Marco Pierre White has claimed women are too ’emotional’ to become professional chefs. Which is, of course, a truly flabbergasting remark from a man known for his fiery temper.
Indeed, during the early years of his career, White was reportedly prone to booting patrons from his restaurant completely if he didn’t like what they had to say.
As someone who once famously reduced a young Gordon Ramsay to tears, White made his name as someone who regularly brings his white hot fury into the kitchen. He is, in short, someone you might describe as a bit emotional.
The 57-year-old chef, restaurateur and TV personality made these gobsmacking remarks during an interview with The Irish Independent, where he claimed men were simply better suited to handling the heat of life in the kitchen.
Speaking with female writer Niamh Horan, White let rip about his views on women chefs, with a series of daft comments I really wish we could all just send back to the kitchen for a full refund:
The real positive with men is that men can absorb pressure better, that’s the main difference, because they are not as emotional and they don’t take things personally.
Look at the size of some of the pans you are carrying. Can you imagine you’re a lady in the kitchen and saying: ‘Will you carry that pan for me?’ You don’t want to say that, do you? So men are physically stronger and they can absorb the pressure of the kitchen better.

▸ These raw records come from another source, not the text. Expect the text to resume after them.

Lemma enum_nat_mono j j' : (j < j' < #|A|)%N -> (enum_nat A j < enum_nat A j')%N.
Proof.
case/andP=> ltjj' ltj'A.
have sorted_A : sorted ltn [seq val x | x <- enum A].
  rewrite -[enum _](eq_filter (mem_enum _)) -(eq_filter (mem_map val_inj _)).
  by rewrite -filter_map (sorted_filter ltn_trans) // unlock val_ord_enum iota_ltn_sorted.
by apply: (sorted_ltn_nth ltn_trans) => //; rewrite inE size_map -cardE // (ltn_trans ltjj').
Qed.

Lemma big_enum_nat (h : nat -> nat) :
  (\sum_(0 <= j < #|A|) h (enum_nat A j) = \sum_(x in A) h x)%N.
Proof.
by rewrite -big_enum -(big_map val xpredT h) [RHS](big_nth 0%N) size_map -cardE.
Qed.

End EnumNat.

Definition increasing_into (a p : nat) (F : nat -> nat) : Prop :=
  (forall x, x < a -> F x < p)%N /\ (forall x y, x < y < a -> F x < F y)%N.

Lemma increasing_into_enum_nat p (A : {set 'I_p}) : increasing_into #|A| p (enum_nat A).
Proof. by split; [apply: enum_nat_lt | apply: enum_nat_mono]. Qed.

Lemma increasing_into_shift a p i :
  ((i + 1) * a <= p)%N -> increasing_into a p (fun x => i * a + x)%N.
Proof. by move=> le_p; split=> [x|x y]; lia. Qed.

Lemma increasing_into_blocks r k a p (F : nat -> nat) :
  (k * a <= p)%N -> increasing_into r k F ->
  increasing_into (r * a) p (fun x => F (x %/ a) * a + x %% a)%N.
Proof.
move=> le_ka_p [F_lt F_mono].
have [->|a_gt0] := posnP a; first by split=> [x|x y]; rewrite muln0 ?ltn0 ?andbF.
have lt_block z w x : (z < w -> z * a + x %% a < w * a)%N.
  by move/(leq_mul (leqnn a)); rewrite mulnS; have := ltn_pmod x a_gt0; lia.
have block_lt x : (x < r * a -> x %/ a < r)%N by rewrite ltn_divLR.
split=> [x /block_lt/F_lt ltFk|x y /andP[ltxy /block_lt ltyr]].
  by apply: leq_trans le_ka_p; apply: lt_block.
have := leq_div2r a (ltnW ltxy); rewrite leq_eqVlt => /orP[/eqP eq_div|lt_div].
  by rewrite eq_div ltn_add2l; have := divn_eq x a; have := divn_eq y a; lia.
by apply: leq_trans (leq_addr _ _); apply/lt_block/F_mono; rewrite lt_div.
Qed.

(* Out-of-range entries read as [false], so that submatrices can be described
   by arithmetic on plain natural-number indices. *)
Definition mx_at p q (M : 'M[bool]_(p, q)) (x y : nat) : bool :=
  if (insub x : option 'I_p) is Some i then
    if (insub y : option 'I_q) is Some j then M i j else false
  else false.

Section NatIndexedMatrices.
Variables (p q : nat) (M : 'M[bool]_(p, q)).

Lemma mx_at_ord (i : 'I_p) (j : 'I_q) : mx_at M i j = M i j.
Proof. by rewrite /mx_at !valK. Qed.

Lemma weight_mx_nat (f : nat -> nat -> bool) :
  weight (\matrix_(i < p, j < q) f i j) = (\sum_(0 <= i < p) \sum_(0 <= j < q) f i j)%N.
Proof.
rewrite /weight -sum1_card big_mkcond /= big_mkord.
under [RHS]eq_bigr do rewrite big_mkord.
rewrite pair_big /=; apply: eq_bigr => -[i j] _; rewrite inE mxE.
by case: (f i j).
Qed.

Lemma weight_mx_at : weight M = (\sum_(0 <= i < p) \sum_(0 <= j < q) mx_at M i j)%N.
Proof.
rewrite -weight_mx_nat; congr weight; apply/matrixP=> i j.
by rewrite mxE mx_at_ord.
Qed.

Lemma contains_mx_nat a b (f : nat -> nat -> bool) (F G : nat -> nat) :
  increasing_into a p F -> increasing_into b q G ->
  (forall x y, x < a -> y < b -> f x y -> mx_at M (F x) (G y))%N ->
  contains M (\matrix_(x < a, y < b) f x y).
Proof.
move=> [F_lt F_mono] [G_lt G_mono] f_le.
exists (fun x : 'I_a => Ordinal (F_lt x (ltn_ord x))).
exists (fun y : 'I_b => Ordinal (G_lt y (ltn_ord y))).
split; [|split] => [x x'|y y'|x y] /=; rewrite ?mxE.
- by move=> ltxx'; apply: F_mono; rewrite ltxx' /=.
- by move=> ltyy'; apply: G_mono; rewrite ltyy' /=.
- by move/f_le; rewrite -(mx_at_ord (Ordinal _)); apply.
Qed.

End NatIndexedMatrices.

Lemma block_count_mx_nat r a m (f : nat -> nat -> bool) i (c : 'I_m) :
  (i < r)%N ->
  block_count (\matrix_(x < r * a, y < m) f x y) r i c = (\sum_(0 <= o < a) f (i * a + o) c)%N.
Proof.
move=> ltir; have r_gt0 : (0 < r)%N by exact: leq_ltn_trans ltir.
rewrite /block_count mulKn // -sum1_card big_mkcond /=.
pose g x := ((i * a <= x < i.+1 * a) && f x c : nat)%N.
rewrite (eq_bigr (fun x : 'I_(r * a) => g x)) => [|x _]; last first.
  by rewrite inE mxE /g; case: (_ && _).
rewrite -(big_mkord xpredT g).
rewrite big_nat_blocks (bigD1_seq i) ?mem_index_iota ?iota_uniq //=.
rewrite [X in (_ + X)%N]big1 ?addn0.
  apply: eq_big_nat => o /andP[_ ltoa].
  by rewrite /g mulSn leq_addr [(a + _)%N]addnC ltn_add2l ltoa.
move=> j neji; rewrite big_nat big1 // => o /andP[_ ltoa]; rewrite /g.
suff /negbTE-> : ~~ (i * a <= j * a + o < i.+1 * a)%N by [].
case: (ltngtP j i) neji => // [ltji|ltij] _.
- by have := leq_mul ltji (leqnn a); rewrite !mulSn; lia.
- by have := leq_mul ltij (leqnn a); rewrite !mulSn; lia.
Qed.
Section UnusedColour.
Variable a0 : 'I_#|T|.
Hypothesis a0_unused : forall p, pc p != a0.

Lemma a0_partner d : d != a0 -> exists p A, [/\ p \in blk A, pc p = d & bc A = a0].
Proof.
move=> da0; have [p [A [pA]]] := pair_bijective_onto cB da0.
case/eq_set2=> [[pd Aa0] | [pa0 _]]; first by exists p, A.
by have := a0_unused p; rewrite pa0 eqxx.
Qed.

Definition recolour p := if p == y0 then a0 else pc p.

Lemma recolour_ne p : p != y0 -> recolour p = pc p.
Proof. by rewrite /recolour => /negbTE ->. Qed.

Lemma recolour_onto d : exists p, recolour p = d.
Proof.
case: (eqVneq d a0) => [->| da0]; first by exists y0; rewrite /recolour eqxx.
have [p [A [_ <- _]]] := a0_partner da0.
case: (eqVneq p y0) => [-> | py0]; last by exists p; rewrite recolour_ne.
by exists x0; rewrite recolour_ne.
Qed.

Lemma recolour_inj : injective recolour.
Proof. by apply: onto_card_inj recolour_onto; rewrite card_ord. Qed.

Section Inverse.
Variable sigma : 'I_#|T| -> T.
Hypotheses (recolourK : cancel recolour sigma) (sigmaK : cancel sigma recolour).

Lemma point_colour_inj p q : p != y0 -> q != y0 -> pc p = pc q -> p = q.
Proof. by move=> py0 qy0 pq; apply: (can_inj recolourK); rewrite !recolour_ne. Qed.

Lemma same_colour_x0 p : pc p = pc x0 -> p = x0 \/ p = y0.
Proof.
move=> px0; case: (eqVneq p y0) => [| py0]; [by right | left].
exact: point_colour_inj.
Qed.

Lemma sigma_colour p : p != y0 -> sigma (pc p) = p.
Proof. by move=> py0; rewrite -(recolour_ne py0) recolourK. Qed.

Lemma a0_block_at w : w != x0 -> w != y0 -> exists2 A, w \in blk A & bc A = a0.
Proof.
move=> wx0 wy0; have [q [A [qA qw Aa0]]] := a0_partner (a0_unused w).
case: (eqVneq q y0) => [qy0 | qy0]; last first.
  by exists A; rewrite // -(point_colour_inj qy0 wy0 qw).
move: qw; rewrite qy0 -cx0y0 => /esym /same_colour_x0 [] /eqP.
  by rewrite (negbTE wx0).
by rewrite (negbTE wy0).
Qed.

Definition y0_block_coloured p := [exists A, (y0 \in blk A) && (bc A == pc p)].

Lemma x0_not_y0_block_coloured : ~~ y0_block_coloured x0.
Proof.
apply/existsP=> -[A /andP[y0A /eqP Ax0]].
by have := (pair_bijective_proper cB) _ _ y0A; rewrite Ax0 cx0y0 eqxx.
Qed.

(* Blocks of colour a0 are nested at sigma a0 = y0, except those through y0
   and those through a point p such that some block through y0 has colour c p:
   that block is nested at p and so already yields {p, y0}, while the colour
   pair {c x0, c p} it uses is no longer available to yield {p, x0}. *)
Definition nest A :=
  if bc A == a0 then
    if [exists p in blk A, (p == y0) || y0_block_coloured p] then x0 else y0
  else sigma (bc A).

Lemma nest_coloured A : bc A != a0 -> nest A = sigma (bc A).
Proof. by rewrite /nest => /negbTE ->. Qed.

Lemma nest_a0 A p : bc A = a0 -> p \in blk A ->
  nest A = if (p == y0) || y0_block_coloured p then x0 else y0.
Proof.
move=> Aa0 pA; rewrite /nest Aa0 eqxx; congr (if _ then _ else _).
apply/existsP/idP=> [[q /andP[qA]] | pY]; first by rewrite (block_points_eq qA pA).
by exists p; rewrite pA.
Qed.

Lemma nest_notin A : nest A \notin blk A.
Proof.
apply/negP=> nA; case: (eqVneq (bc A) a0) => [Aa0 | Aa0].
  move: (nest_a0 Aa0 nA); case: ifP => cond nE; rewrite nE in cond.
    by rewrite (negbTE x0y0) (negbTE x0_not_y0_block_coloured) in cond.
  by rewrite eqxx in cond.
have := (pair_bijective_proper cB) _ _ nA; rewrite nest_coloured //.
case: (eqVneq (sigma (bc A)) y0) => [sy0 | sy0]; last first.
  by rewrite -recolour_ne // sigmaK eqxx.
by move: (sigmaK (bc A)); rewrite sy0 /recolour eqxx => a0A; rewrite a0A eqxx in Aa0.
Qed.

Lemma nest_onto_oriented u w p A : u != w -> u != y0 -> w != y0 ->
  p \in blk A -> pc p = pc u -> bc A = pc w ->
  exists p A, p \in blk A /\ [set p; nest A] = [set u; w].
Proof.
move=> uw uy0 wy0 pA pu Aw.
have nA : nest A = w by rewrite nest_coloured ?Aw ?a0_unused // sigma_colour.
case: (eqVneq p y0) => [py0 | py0].
  have : pc u = pc x0 by rewrite -pu py0 cx0y0.
  case/same_colour_x0=> ux0; last by rewrite ux0 eqxx in uy0.
  subst u p; have wx0 : w != x0 by rewrite eq_sym.
  have [A' wA' A'a0] := a0_block_at wx0 wy0.
  exists w, A'; split=> //; rewrite (nest_a0 A'a0 wA') (negbTE wy0) /=.
  have -> : y0_block_coloured w by apply/existsP; exists A; rewrite pA Aw eqxx.
  by rewrite setUC.
by exists p, A; rewrite nA -(point_colour_inj py0 uy0 pu).
Qed.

For aspiring female chefs, it must be genuinely disheartening to see an icon who is idolised by so many in the field turn a skewer to their dreams and ambitions.
Fortunately, plenty of top names in the culinary world have called White out on his archaic views, showing there is support within the industry for tough, talented women in the kitchen.
Sally Abe, head chef at the Michelin-starred The Harwood Arms, told Big Hospitality:
For me it’s not about sex, it’s about people. It’s not about looking at someone with preconceptions of what they can and can’t do, it’s giving them a chance and letting them prove themselves.
That’s what I’ve always done, work hard and you will be successful, regardless of gender.
Asma Khan, founder of the London based Darjeeling Express, told Big Hospitality:
It is extremely unhelpful to have a prominent male chef like Marco Pierre White undermining the contribution and role of women in restaurant kitchens.
Even when he attempts to list the positives, he displays his staggering, almost medieval gender bias. And basically dismisses us neither as innovators or creators.
According to data from the Office of National Statistics, just 17 per cent of chef positions in the UK are held by women, meaning this is still very much a male dominated field.
Hopefully these stale remarks won’t put off budding female chefs from picking up a pan and bossing it in the kitchen.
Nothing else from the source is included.